#### Dataset ####
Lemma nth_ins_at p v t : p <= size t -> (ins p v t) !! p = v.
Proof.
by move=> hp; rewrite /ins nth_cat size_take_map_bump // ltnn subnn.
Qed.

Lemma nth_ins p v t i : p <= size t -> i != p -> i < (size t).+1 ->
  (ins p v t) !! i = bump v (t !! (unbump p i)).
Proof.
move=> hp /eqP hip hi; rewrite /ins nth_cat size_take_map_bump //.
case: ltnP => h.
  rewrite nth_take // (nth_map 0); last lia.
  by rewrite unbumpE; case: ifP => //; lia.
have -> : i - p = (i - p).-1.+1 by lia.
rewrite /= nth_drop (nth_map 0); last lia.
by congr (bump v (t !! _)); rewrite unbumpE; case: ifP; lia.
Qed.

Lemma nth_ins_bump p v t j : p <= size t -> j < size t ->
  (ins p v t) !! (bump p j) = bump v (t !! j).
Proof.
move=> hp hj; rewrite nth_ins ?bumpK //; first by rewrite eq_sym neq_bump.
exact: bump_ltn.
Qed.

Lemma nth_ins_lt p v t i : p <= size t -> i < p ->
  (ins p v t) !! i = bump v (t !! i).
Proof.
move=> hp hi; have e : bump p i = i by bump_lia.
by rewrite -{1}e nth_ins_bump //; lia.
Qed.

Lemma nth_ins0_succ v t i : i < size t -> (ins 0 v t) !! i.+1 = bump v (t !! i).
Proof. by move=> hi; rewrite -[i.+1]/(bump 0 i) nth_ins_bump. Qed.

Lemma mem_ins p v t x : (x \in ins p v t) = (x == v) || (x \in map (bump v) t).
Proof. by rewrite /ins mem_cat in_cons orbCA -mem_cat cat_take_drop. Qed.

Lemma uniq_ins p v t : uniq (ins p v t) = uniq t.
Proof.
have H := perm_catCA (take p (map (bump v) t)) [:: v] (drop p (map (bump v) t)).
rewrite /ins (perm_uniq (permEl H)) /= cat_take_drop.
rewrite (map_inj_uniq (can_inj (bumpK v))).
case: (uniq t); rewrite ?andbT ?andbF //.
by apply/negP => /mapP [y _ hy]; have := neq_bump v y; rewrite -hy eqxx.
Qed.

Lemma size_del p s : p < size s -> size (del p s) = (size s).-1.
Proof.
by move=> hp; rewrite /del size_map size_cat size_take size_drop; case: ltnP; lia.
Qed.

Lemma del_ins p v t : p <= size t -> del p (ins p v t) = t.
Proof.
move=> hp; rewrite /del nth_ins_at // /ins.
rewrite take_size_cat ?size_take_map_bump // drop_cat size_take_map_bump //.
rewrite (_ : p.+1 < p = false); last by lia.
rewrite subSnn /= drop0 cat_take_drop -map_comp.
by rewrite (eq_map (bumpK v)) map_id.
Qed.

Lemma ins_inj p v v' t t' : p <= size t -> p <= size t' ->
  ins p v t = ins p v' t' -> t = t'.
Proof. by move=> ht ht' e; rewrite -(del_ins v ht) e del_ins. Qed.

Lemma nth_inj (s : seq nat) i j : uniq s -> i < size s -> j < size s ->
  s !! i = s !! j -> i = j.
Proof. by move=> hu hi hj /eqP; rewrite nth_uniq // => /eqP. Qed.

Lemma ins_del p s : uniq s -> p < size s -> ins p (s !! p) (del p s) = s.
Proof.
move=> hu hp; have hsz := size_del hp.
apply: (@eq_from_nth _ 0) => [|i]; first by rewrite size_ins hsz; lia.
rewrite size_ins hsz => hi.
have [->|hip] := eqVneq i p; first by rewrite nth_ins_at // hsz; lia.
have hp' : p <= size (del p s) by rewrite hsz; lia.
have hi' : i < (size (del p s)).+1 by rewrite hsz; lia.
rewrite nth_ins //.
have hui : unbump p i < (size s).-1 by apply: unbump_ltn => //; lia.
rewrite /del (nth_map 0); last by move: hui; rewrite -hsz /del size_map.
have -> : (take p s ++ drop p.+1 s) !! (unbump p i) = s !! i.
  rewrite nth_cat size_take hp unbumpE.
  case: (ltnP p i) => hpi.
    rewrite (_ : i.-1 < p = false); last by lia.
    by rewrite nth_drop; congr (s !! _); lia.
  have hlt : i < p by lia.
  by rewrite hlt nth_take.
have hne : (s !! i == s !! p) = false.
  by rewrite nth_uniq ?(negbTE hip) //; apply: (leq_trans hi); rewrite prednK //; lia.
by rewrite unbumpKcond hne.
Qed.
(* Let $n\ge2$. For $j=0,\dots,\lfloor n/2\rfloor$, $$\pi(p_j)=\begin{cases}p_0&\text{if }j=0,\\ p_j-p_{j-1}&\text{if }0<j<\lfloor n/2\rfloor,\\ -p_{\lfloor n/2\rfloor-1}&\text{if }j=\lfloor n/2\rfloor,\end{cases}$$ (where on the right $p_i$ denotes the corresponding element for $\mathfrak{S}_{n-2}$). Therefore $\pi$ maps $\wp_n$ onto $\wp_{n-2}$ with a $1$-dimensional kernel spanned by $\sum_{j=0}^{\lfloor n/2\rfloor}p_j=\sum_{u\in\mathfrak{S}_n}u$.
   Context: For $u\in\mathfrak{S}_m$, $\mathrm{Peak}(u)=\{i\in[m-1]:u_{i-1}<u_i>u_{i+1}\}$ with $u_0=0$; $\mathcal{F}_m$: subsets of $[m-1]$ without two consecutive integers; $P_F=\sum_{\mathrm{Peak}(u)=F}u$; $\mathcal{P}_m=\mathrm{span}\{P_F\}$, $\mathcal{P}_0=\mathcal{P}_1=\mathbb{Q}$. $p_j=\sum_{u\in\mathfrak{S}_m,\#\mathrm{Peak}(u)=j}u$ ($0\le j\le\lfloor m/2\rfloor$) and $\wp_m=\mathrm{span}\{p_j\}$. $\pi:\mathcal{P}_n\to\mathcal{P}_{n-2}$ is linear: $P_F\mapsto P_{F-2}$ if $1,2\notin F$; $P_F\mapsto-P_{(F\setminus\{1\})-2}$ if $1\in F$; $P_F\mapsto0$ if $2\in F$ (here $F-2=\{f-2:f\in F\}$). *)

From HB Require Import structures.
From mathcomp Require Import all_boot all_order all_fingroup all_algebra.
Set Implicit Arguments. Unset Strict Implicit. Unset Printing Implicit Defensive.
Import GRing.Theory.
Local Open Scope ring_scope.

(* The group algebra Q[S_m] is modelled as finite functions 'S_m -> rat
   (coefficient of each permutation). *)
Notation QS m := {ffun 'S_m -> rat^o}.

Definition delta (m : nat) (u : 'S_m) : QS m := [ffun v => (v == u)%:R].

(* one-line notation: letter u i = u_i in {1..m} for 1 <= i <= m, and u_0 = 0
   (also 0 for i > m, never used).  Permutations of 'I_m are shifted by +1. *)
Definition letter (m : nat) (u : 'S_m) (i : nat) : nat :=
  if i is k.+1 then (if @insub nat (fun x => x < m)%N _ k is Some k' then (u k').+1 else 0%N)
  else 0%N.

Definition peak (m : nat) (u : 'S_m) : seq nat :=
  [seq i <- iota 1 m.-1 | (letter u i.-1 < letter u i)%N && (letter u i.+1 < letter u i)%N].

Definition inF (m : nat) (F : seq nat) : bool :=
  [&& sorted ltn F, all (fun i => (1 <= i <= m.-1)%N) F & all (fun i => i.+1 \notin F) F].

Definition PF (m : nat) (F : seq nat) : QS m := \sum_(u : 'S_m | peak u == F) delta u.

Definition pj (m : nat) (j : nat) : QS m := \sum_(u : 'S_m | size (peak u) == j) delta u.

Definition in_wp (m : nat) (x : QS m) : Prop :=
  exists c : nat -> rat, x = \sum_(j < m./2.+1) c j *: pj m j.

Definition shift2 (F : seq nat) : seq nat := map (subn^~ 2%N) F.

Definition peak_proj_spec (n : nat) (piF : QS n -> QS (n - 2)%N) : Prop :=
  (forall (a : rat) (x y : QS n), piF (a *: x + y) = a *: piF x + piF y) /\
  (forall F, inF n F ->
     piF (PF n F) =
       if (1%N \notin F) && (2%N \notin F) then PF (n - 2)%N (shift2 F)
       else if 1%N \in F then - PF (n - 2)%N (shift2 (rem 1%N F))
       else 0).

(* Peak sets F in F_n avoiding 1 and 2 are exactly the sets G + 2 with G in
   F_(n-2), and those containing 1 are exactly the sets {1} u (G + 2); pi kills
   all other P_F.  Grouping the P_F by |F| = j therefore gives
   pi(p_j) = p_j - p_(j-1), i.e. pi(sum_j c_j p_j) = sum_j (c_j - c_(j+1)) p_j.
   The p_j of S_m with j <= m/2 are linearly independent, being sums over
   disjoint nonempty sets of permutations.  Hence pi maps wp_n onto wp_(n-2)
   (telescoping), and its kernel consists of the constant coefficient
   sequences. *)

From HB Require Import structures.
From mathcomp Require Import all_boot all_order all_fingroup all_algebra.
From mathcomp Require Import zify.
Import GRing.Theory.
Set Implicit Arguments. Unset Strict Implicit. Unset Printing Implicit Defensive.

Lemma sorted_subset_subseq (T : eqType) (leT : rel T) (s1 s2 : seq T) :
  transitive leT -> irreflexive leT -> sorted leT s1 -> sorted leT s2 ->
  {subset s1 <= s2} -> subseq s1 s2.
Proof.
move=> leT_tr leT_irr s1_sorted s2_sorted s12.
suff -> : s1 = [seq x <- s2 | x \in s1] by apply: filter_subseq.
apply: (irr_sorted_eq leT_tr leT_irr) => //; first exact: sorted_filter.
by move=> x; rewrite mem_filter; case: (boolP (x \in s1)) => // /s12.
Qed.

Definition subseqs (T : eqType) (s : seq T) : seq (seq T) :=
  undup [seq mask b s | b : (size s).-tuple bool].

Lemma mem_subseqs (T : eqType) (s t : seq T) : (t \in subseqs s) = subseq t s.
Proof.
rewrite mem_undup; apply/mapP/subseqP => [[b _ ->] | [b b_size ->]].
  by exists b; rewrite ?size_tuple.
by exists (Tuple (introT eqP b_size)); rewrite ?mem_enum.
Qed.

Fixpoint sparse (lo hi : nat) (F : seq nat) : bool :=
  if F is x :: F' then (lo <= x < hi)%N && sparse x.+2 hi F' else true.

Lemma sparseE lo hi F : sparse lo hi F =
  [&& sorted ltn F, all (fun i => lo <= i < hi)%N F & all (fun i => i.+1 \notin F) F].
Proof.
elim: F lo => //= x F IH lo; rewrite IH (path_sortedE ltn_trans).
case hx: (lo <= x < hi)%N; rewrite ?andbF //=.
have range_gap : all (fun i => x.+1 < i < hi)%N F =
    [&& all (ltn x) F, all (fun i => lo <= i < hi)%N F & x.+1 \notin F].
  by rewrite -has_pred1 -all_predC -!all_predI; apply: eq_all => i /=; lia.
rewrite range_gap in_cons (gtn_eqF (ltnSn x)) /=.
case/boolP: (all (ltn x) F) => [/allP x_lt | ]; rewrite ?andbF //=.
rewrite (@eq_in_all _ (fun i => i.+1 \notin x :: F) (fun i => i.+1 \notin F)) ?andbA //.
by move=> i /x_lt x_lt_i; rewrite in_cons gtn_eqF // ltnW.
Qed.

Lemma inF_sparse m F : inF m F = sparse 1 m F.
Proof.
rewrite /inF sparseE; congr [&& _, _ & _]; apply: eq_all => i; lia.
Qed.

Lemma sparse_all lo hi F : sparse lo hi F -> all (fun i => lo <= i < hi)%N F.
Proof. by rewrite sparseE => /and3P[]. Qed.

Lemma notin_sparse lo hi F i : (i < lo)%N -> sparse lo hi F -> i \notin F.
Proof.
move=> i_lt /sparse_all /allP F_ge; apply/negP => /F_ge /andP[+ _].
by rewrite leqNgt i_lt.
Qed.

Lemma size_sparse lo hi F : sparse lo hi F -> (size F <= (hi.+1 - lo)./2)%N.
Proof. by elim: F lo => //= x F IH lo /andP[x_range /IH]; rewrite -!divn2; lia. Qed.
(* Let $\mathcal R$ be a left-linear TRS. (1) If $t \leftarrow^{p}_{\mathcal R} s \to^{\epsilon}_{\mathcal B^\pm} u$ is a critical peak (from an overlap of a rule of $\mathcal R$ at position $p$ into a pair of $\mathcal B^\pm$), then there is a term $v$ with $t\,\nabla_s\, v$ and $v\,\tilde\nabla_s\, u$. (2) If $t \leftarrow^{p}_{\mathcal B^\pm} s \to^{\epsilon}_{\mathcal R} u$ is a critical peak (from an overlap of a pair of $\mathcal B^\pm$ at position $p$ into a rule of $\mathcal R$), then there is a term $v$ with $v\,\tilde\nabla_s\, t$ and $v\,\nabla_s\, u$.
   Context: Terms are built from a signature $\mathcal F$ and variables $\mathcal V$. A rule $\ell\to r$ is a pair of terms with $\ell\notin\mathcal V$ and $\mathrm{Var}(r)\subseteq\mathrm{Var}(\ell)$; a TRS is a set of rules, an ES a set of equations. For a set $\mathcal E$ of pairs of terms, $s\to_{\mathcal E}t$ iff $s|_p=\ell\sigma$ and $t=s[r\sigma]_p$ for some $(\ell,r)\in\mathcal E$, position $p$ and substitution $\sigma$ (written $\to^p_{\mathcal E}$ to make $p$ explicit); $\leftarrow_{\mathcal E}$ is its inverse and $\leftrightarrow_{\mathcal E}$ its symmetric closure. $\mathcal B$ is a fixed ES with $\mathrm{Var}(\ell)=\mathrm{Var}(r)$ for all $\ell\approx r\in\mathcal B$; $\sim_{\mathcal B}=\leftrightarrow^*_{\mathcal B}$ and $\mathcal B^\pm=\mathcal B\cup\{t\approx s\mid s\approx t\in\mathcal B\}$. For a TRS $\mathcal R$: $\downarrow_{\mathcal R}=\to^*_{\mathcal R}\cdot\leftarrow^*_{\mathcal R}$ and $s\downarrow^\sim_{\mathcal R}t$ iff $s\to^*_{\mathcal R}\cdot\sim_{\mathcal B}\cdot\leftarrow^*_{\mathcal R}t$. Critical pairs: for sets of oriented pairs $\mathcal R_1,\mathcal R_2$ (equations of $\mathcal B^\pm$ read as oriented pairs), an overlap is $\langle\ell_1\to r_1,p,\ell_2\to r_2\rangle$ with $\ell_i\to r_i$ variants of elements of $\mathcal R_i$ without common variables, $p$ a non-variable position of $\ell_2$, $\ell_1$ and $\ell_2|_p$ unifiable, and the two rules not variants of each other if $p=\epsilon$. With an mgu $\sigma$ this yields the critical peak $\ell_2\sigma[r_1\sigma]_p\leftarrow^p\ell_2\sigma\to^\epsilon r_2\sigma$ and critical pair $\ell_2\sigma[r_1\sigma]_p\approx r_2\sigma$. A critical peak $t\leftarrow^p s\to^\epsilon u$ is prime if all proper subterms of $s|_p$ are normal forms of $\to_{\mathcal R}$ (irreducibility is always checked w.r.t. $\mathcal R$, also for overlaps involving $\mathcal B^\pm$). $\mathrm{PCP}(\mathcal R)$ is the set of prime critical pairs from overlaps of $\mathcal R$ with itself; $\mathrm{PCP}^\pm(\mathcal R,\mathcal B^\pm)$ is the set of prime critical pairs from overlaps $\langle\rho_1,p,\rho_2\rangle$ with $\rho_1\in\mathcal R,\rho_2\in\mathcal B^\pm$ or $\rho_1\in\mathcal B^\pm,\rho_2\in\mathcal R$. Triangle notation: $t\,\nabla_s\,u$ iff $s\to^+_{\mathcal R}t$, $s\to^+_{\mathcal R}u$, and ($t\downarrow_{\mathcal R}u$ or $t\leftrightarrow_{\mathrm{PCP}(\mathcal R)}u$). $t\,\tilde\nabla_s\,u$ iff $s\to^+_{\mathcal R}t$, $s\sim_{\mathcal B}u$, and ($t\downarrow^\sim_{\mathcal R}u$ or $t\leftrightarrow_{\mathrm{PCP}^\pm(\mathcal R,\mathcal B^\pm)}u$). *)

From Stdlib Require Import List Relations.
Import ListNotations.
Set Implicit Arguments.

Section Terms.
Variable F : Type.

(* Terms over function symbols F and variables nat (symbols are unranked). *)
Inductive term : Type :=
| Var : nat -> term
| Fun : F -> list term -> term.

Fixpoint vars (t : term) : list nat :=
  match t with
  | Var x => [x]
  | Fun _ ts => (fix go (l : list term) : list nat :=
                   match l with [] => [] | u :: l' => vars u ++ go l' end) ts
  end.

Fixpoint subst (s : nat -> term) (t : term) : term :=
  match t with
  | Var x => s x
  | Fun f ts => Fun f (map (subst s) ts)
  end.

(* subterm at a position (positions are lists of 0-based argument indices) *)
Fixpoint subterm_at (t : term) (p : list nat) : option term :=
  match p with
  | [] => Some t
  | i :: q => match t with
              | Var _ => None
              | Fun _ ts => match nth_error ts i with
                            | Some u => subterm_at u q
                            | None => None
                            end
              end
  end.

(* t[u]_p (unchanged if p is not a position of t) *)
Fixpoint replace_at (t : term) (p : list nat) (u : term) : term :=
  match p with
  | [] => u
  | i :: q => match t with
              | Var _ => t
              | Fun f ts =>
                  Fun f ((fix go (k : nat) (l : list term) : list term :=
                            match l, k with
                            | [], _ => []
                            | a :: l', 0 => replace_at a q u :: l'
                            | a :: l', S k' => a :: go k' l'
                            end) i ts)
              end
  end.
####
▶ [Exercise requirements]: Among the entries above, copy exactly only the lines starting with the one containing "by exists b; rewrite ?size_tuple." and going through the one containing "[&& sorted ltn F, all (fun i => lo", both ends included.

▶ [Answer below]:
  by exists b; rewrite ?size_tuple.
by exists (Tuple (introT eqP b_size)); rewrite ?mem_enum.
Qed.

Fixpoint sparse (lo hi : nat) (F : seq nat) : bool :=
  if F is x :: F' then (lo <= x < hi)%N && sparse x.+2 hi F' else true.

Lemma sparseE lo hi F : sparse lo hi F =
  [&& sorted ltn F, all (fun i => lo <= i < hi)%N F & all (fun i => i.+1 \notin F) F].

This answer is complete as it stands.